> [The problem]: Find the line containing "Fixpoint run (X" in the entries below. Restate it and each line after it, word for word, up to and including the line containing "codeword of that".
::: Source records :::
(* Some admissible N' < N has modular at N'^-1 at most 1; strict monotonicity
   makes the bound at N^-1 strict, and only a strict bound survives the limit. *)
Lemma modular_lt1 nu g N : (nu setT < +oo)%E -> continuous g -> 0 < N ->
  (orlicz_norm psi nu g < N%:E)%E -> (modular nu g N^-1 < 1)%E.
Proof.
move=> nu_fin cg N0; rewrite orlicz_normE => /ereal_inf_lt[_ [N' [N'0 gN'] <-]].
rewrite lte_fin => N'N.
have := modular_ge0 nu g N^-1.
rewrite le_eqVlt => /predU1P[<-|gN_pos]; first exact: lte01.
apply: lt_le_trans gN'; apply: lt_modular => //.
by rewrite invr_gt0 N0 ltf_pV2 ?posrE.
Qed.

Section modular_convergence.
Variables (muk : nat -> {measure set (borel Y) -> \bar R}) (fk : nat -> Y -> R).
Hypotheses (muk_fin : forall k, (muk k setT < +oo)%E)
  (fk_cont : forall k, continuous (fk k)).

Lemma modular_sub_cvg0 (f : Y -> R) c (B : R) : continuous f ->
  (forall e : R, 0 < e -> \forall k \near \oo, forall y, `|fk k y - f y| < e) ->
  0 < B -> (\forall k \near \oo, muk k setT <= B%:E)%E -> 0 <= c ->
  (modular (muk k) (fk k) c - modular (muk k) f c)%E @[k --> \oo] --> 0%E.
Proof.
move=> cf fk_unif B0 muk_B c0; apply: (@cvge_near_bounds _ _ _ _ _ 0) => e e0.
have [d d0 psi_d] := psi_near0 psiW (divr_gt0 e0 B0).
have dc0 : 0 < d / (c + 1) by rewrite divr_gt0 ?ltr_wpDl.
apply: filterS2 (fk_unif _ dc0) muk_B => k fk_close mass_B.
have := modular_dist (muk_fin k) (@fk_cont k) cf c0 (fun y => ltW (fk_close y)).
set x := (_ - _)%E => x_le; suff : (`|x| < e%:E)%E.
  by rewrite lte_absl sub0r add0r EFinN => /andP[lo hi]; rewrite !ltW.
apply: le_lt_trans x_le _; rewrite lte_fin.
have muk_fin_num : muk k setT \is a fin_num by rewrite ge0_fin_numE.
have mass_le : fine (muk k setT) <= B by rewrite -lee_fin fineK.
apply: le_lt_trans (ler_wpM2l (Wm_ge0 psiW _) mass_le) _.
rewrite -ltr_pdivlMr // psi_d // ger0_norm ?(mulr_ge0 c0 (ltW dc0)) //.
by rewrite mulrA ltr_pdivrMr ?ltr_wpDl // mulrC ltr_pM2l // ltrDl.
Qed.

Lemma modular_cvg nu (f : Y -> R) c : continuous f ->
  (forall e : R, 0 < e -> \forall k \near \oo, forall y, `|fk k y - f y| < e) ->
  (nu setT < +oo)%E ->
  (forall g, continuous g ->
     (\int[muk k]_x (g x)%:E)%E @[k --> \oo] --> (\int[nu]_x (g x)%:E)%E) ->
  0 <= c -> modular (muk k) (fk k) c @[k --> \oo] --> modular nu f c.
Proof.
move=> cf fk_unif nu_fin weak c0.
have nu_fin_num : nu setT \is a fin_num by rewrite ge0_fin_numE.
have B0 : 0 < fine (nu setT) + 1 by rewrite ltr_wpDl ?fine_ge0.
have muk_B : \forall k \near \oo, (muk k setT <= (fine (nu setT) + 1)%:E)%E.
  have nu_lt : (nu setT < (fine (nu setT) + 1)%:E)%E.
    by rewrite EFinD fineK // lteDl.
  near=> k; apply/ltW; near: k.
  exact: weak_cvg_mass weak _ (open_ereal_lt' nu_lt).
rewrite (_ : (fun k => _) = (fun k => (modular (muk k) (fk k) c -
    modular (muk k) f c) + modular (muk k) f c)%E); last first.
  by apply/funext => k; rewrite subeK // modular_fin_num.
rewrite -[modular nu f c]add0e; apply: cvgeD.
- by apply: fin_num_adde_defl; exact: modular_fin_num.
- exact: modular_sub_cvg0 cf fk_unif B0 muk_B c0.
- exact: weak _ (continuous_psiM (c := c) cf).
Unshelve. all: end_near.
Qed.
(* The zero-error feedback capacity of a finite-state erasure channel with maximal ratio $\tau$ is $C_{0f}=1-\tau$.
   Context: Logarithms are to base $q=|\mathcal{X}|\ge2$, $\mathcal{X}$ the finite input alphabet. Finite-state erasure channel: a strongly connected directed graph $\mathscr{G}=(\mathcal{S},\mathcal{E})$ with finite vertex set $\mathcal{S}$ (channel states) and $\mathcal{E}\subseteq\mathcal{S}\times\mathcal{S}$, each edge labelled $\ell(e)\in\{0,1\}$, distinct edges leaving the same state having distinct labels. A noise word $v(0:n)$ is admissible from initial state $s_0$ if it is the label sequence of a walk starting at $s_0$; output $y(t)=x(t)$ if $v(t)=0$ and $y(t)=*$ (a symbol not in $\mathcal{X}$) if $v(t)=1$. The initial state is arbitrary and unknown. The maximal ratio is $\tau=\max_i e_i/l_i$ over directed simple cycles ($e_i$ = number of edges labelled 1, $l_i$ = length). Zero-error feedback code of block length $n+1$: a finite message set $\mathcal{M}$ and encoding functions $f_t:\mathcal{M}\times(\mathcal{X}\cup\{*\})^t\to\mathcal{X}$, $t=0,\dots,n$, with channel input $x(t)=f_t(m,y(0:t-1))$; it is zero-error if no output word $y(0:n)$ can arise (for any initial state and any admissible noise) from two distinct messages. $C_{0f}=\sup_{n\in\mathbb{N}_0}\sup \log|\mathcal{M}|/(n+1)$ over all zero-error feedback codes of block length $n+1$. *)

From Stdlib Require Import Reals.
From mathcomp Require Import all_boot.

Set Implicit Arguments.
Unset Strict Implicit.
Unset Printing Implicit Defensive.

(* A finite-state erasure channel is given by a finite state type S, an edge
   relation E : rel S and an edge labelling lab : S -> S -> bool
   (lab s t is the label of the edge (s,t); only used on edges; true = 1 = erasure). *)

Definition deterministic_labels (S : finType) (E : rel S) (lab : S -> S -> bool) :=
  forall s t1 t2, E s t1 -> E s t2 -> lab s t1 = lab s t2 -> t1 = t2.

Definition strongly_connected (S : finType) (E : rel S) :=
  forall s t, connect E s t.

Fixpoint admissible (S : finType) (E : rel S) (lab : S -> S -> bool)
    (s : S) (v : seq bool) : Prop :=
  match v with
  | [::] => True
  | b :: v' => exists t, E s t /\ lab s t = b /\ admissible E lab t v'
  end.

Definition simple_cycle (S : finType) (E : rel S) (c : seq S) : Prop :=
  [/\ c != [::], uniq c & cycle E c].

Definition cycle_ones (S : finType) (lab : S -> S -> bool) (c : seq S) : nat :=
  count (fun p => lab p.1 p.2) (zip c (rot 1 c)).

Definition cycle_ratio (S : finType) (lab : S -> S -> bool) (c : seq S) : R :=
  Rdiv (INR (cycle_ones lab c)) (INR (size c)).

Definition is_max_ratio (S : finType) (E : rel S) (lab : S -> S -> bool) (tau : R) : Prop :=
  (exists c, simple_cycle E c /\ cycle_ratio lab c = tau) /\
  (forall c, simple_cycle E c -> Rle (cycle_ratio lab c) tau).

(* Channel run with feedback: erasure symbol * is None.  The family of encoding
   functions f_t (t = 0..n) is represented by one function f on output prefixes;
   f_t is its restriction to prefixes of length t. *)
Fixpoint run (X M : Type) (f : M -> seq (option X) -> X) (m : M)
    (past : seq (option X)) (v : seq bool) : seq (option X) :=
  match v with
  | [::] => past
  | b :: v' => run f m (rcons past (if b then None else Some (f m past))) v'
  end.

Definition output (X M : Type) (f : M -> seq (option X) -> X) (m : M) (v : seq bool) :=
  run f m [::] v.

Definition zero_error_feedback_code (X S : finType) (E : rel S) (lab : S -> S -> bool)
    (n k : nat) (f : 'I_k -> seq (option X) -> X) : Prop :=
  forall (m1 m2 : 'I_k) (s1 s2 : S) (v1 v2 : seq bool),
    size v1 = n.+1 -> size v2 = n.+1 ->
    admissible E lab s1 v1 -> admissible E lab s2 v2 ->
    output f m1 v1 = output f m2 v2 -> m1 = m2.

Definition feedback_rates (X S : finType) (E : rel S) (lab : S -> S -> bool) (r : R) : Prop :=
  exists (n k : nat) (f : 'I_k -> seq (option X) -> X),
    (0 < k)%N /\ zero_error_feedback_code E lab n f /\
    r = Rdiv (Rdiv (ln (INR k)) (ln (INR #|X|))) (INR n.+1).

Definition is_zero_error_feedback_capacity (X S : finType) (E : rel S)
    (lab : S -> S -> bool) (C : R) : Prop :=
  is_lub (feedback_rates X E lab) C.

(* Upper bound: walking around a simple cycle of maximal ratio tau yields, for every
   block length N, an admissible noise word with about (1 - tau) N non-erased positions.
   Since the erasure pattern is then known, the output of a zero-error code is determined
   by those symbols, so |M| <= q^((1 - tau) N).
   Lower bound: cutting simple cycles out of an arbitrary walk (each of ratio at most tau)
   until no state repeats shows that every admissible noise word of length N has at least
   (1 - tau) N - |S| - 1 non-erased positions.  With feedback the sender transmits a
   codeword of that length symbol by symbol, repeating whatever was erased, which gives
   rates (1 - tau) - O(1/N). *)

From Stdlib Require Import Reals Lra.
From mathcomp Require Import all_boot zify.
Set Implicit Arguments.
Unset Strict Implicit.

Lemma nth_rot1 (T : Type) (x0 : T) (c : seq T) i : i < size c ->
  nth x0 (rot 1 c) i = nth x0 c (i.+1 %% size c).
Proof.
case: c => [|x c'] //= Hi; rewrite rot1_cons nth_rcons.
case: ltnP => H; first by rewrite modn_small.
have -> : i = size c' by lia.
by rewrite eqxx modnn.
Qed.

Lemma sum_periodic (g : nat -> nat) l : (forall i, g (i + l) = g i) ->
  forall j, \sum_(0 <= r < l) g (r + j) = \sum_(0 <= r < l) g r.
Proof.
move=> Hg; elim=> [|j IH]; first by apply: eq_bigr => r _; rewrite addn0.
rewrite -IH; case: l Hg {IH} => [|l] Hg; first by rewrite !big_geq.
rewrite [LHS]big_nat_recr // [RHS]big_nat_recl //= [RHS]addnC.
congr (_ + _); first by apply: eq_bigr => r _; rewrite addnS addSn.
by rewrite add0n -(Hg j) addnS -addSn addnC.
Qed.

Lemma exists_le_card_mul (l : nat) (a : nat -> nat) : 0 < l ->
  exists2 r, r < l & \sum_(0 <= i < l) a i <= l * a r.
Proof.
move=> Hl; have [r Hr] : {r : 'I_l | \max_(i < l) a i = a r}.
  by apply: eq_bigmax; rewrite card_ord.
exists r => //; rewrite big_mkord -Hr.
rewrite -[X in X * _](card_ord l) -sum_nat_const.
by apply: leq_sum => i _; apply: (leq_bigmax (F := fun i : 'I_l => a i)).
Qed.

Lemma count_id_negb (v : seq bool) : count id v + count negb v = size v.
Proof. exact: count_predC. Qed.

Lemma uniq_mkseq (T : eqType) (f : nat -> T) n :
  (forall k, k < n -> f k \notin mkseq f k) -> uniq (mkseq f n).
Proof.
elim: n => [|n IH] Hfresh //; rewrite mkseqS rcons_uniq Hfresh // IH // => k Hk.
by apply: Hfresh; apply: ltnW.
Qed.

Section Walks.
Variables (S : finType) (E : rel S) (lab : S -> S -> bool).

Lemma cycle_nthP (x0 : S) (c : seq S) :
  cycle E c <-> (forall i, i < size c -> E (nth x0 c i) (nth x0 c (i.+1 %% size c))).
Proof.
case: c => [|x c'] //=.
have Erot i : i < (size c').+1 ->
  nth x0 (rcons c' x) i = nth x0 (x :: c') (i.+1 %% (size c').+1).
  by move=> Hi; rewrite -rot1_cons nth_rot1.
have Ercons i : i < (size c').+1 -> nth x0 (x :: rcons c' x) i = nth x0 (x :: c') i.
  by move=> Hi; rewrite -rcons_cons nth_rcons /= Hi.
rewrite -cats1; split => [/(pathP x0) H i Hi | H].
  by have := H i; rewrite size_cat addn1 cats1 Erot // Ercons // => ->.
apply/(pathP x0) => i; rewrite size_cat addn1 => Hi.
by rewrite cats1 Erot // Ercons //; apply: H.
Qed.

Lemma cycle_ones_sum (x0 : S) (c : seq S) :
  cycle_ones lab c = \sum_(i < size c) lab (nth x0 c i) (nth x0 c (i.+1 %% size c)).
Proof.
have Hs : size (zip c (rot 1 c)) = size c by rewrite size_zip size_rot minnn.
rewrite /cycle_ones -sum1_count big_mkcond (big_nth (x0, x0)) Hs big_mkord.
by apply: eq_bigr => i _; rewrite nth_zip ?size_rot // nth_rot1 //; case: lab.
Qed.

Definition walk (st : nat -> S) (N : nat) := forall j, j < N -> E (st j) (st j.+1).

Definition walk_labels (st : nat -> S) (N : nat) :=
  [seq lab (st j) (st j.+1) | j <- iota 0 N].

Definition walk_ones (st : nat -> S) (m n : nat) := \sum_(m <= j < n) lab (st j) (st j.+1).

Lemma walk_labelsS st N :
  walk_labels st N.+1 = lab (st 0) (st 1) :: walk_labels (fun j => st j.+1) N.
Proof. by rewrite /walk_labels /= -(addn0 1) iotaDl -map_comp. Qed.

Lemma size_walk_labels st N : size (walk_labels st N) = N.
Proof. by rewrite size_map size_iota. Qed.

Lemma count_walk_labels st N : count id (walk_labels st N) = walk_ones st 0 N.
Proof.
rewrite count_map -sumn_count sumnE big_map /walk_ones /index_iota subn0.
exact: eq_bigr.
Qed.

Lemma walk_ones_le st m n : walk_ones st m n <= n - m.
Proof.
rewrite -[n - m]muln1 -sum_nat_const_nat.
by apply: leq_sum => j _; case: lab.
Qed.

Lemma admissible_walk s v : admissible E lab s v ->
  exists st, [/\ st 0 = s, walk st (size v) & v = walk_labels st (size v)].
Proof.
elim: v s => [|b v IH] s /=; first by exists (fun _ => s).
case=> t [Est [<- /IH [st [Hst0 Hw Hv]]]].
exists (fun j => if j is j'.+1 then st j' else s); split=> //.
  by move=> [|j] Hj /=; [rewrite Hst0 | exact: Hw].
by rewrite walk_labelsS /= Hst0 -Hv.
Qed.

Lemma walk_admissible st N : walk st N -> admissible E lab (st 0) (walk_labels st N).
Proof.
elim: N st => [|N IH] st Hw //; rewrite walk_labelsS.
exists (st 1); split; first exact: Hw.
by split => //; apply: IH => j Hj; apply: Hw.
Qed.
:::
> [Exercise response]:
Fixpoint run (X M : Type) (f : M -> seq (option X) -> X) (m : M)
    (past : seq (option X)) (v : seq bool) : seq (option X) :=
  match v with
  | [::] => past
  | b :: v' => run f m (rcons past (if b then None else Some (f m past))) v'
  end.

Definition output (X M : Type) (f : M -> seq (option X) -> X) (m : M) (v : seq bool) :=
  run f m [::] v.

Definition zero_error_feedback_code (X S : finType) (E : rel S) (lab : S -> S -> bool)
    (n k : nat) (f : 'I_k -> seq (option X) -> X) : Prop :=
  forall (m1 m2 : 'I_k) (s1 s2 : S) (v1 v2 : seq bool),
    size v1 = n.+1 -> size v2 = n.+1 ->
    admissible E lab s1 v1 -> admissible E lab s2 v2 ->
    output f m1 v1 = output f m2 v2 -> m1 = m2.

Definition feedback_rates (X S : finType) (E : rel S) (lab : S -> S -> bool) (r : R) : Prop :=
  exists (n k : nat) (f : 'I_k -> seq (option X) -> X),
    (0 < k)%N /\ zero_error_feedback_code E lab n f /\
    r = Rdiv (Rdiv (ln (INR k)) (ln (INR #|X|))) (INR n.+1).

Definition is_zero_error_feedback_capacity (X S : finType) (E : rel S)
    (lab : S -> S -> bool) (C : R) : Prop :=
  is_lub (feedback_rates X E lab) C.

(* Upper bound: walking around a simple cycle of maximal ratio tau yields, for every
   block length N, an admissible noise word with about (1 - tau) N non-erased positions.
   Since the erasure pattern is then known, the output of a zero-error code is determined
   by those symbols, so |M| <= q^((1 - tau) N).
   Lower bound: cutting simple cycles out of an arbitrary walk (each of ratio at most tau)
   until no state repeats shows that every admissible noise word of length N has at least
   (1 - tau) N - |S| - 1 non-erased positions.  With feedback the sender transmits a
   codeword of that length symbol by symbol, repeating whatever was erased, which gives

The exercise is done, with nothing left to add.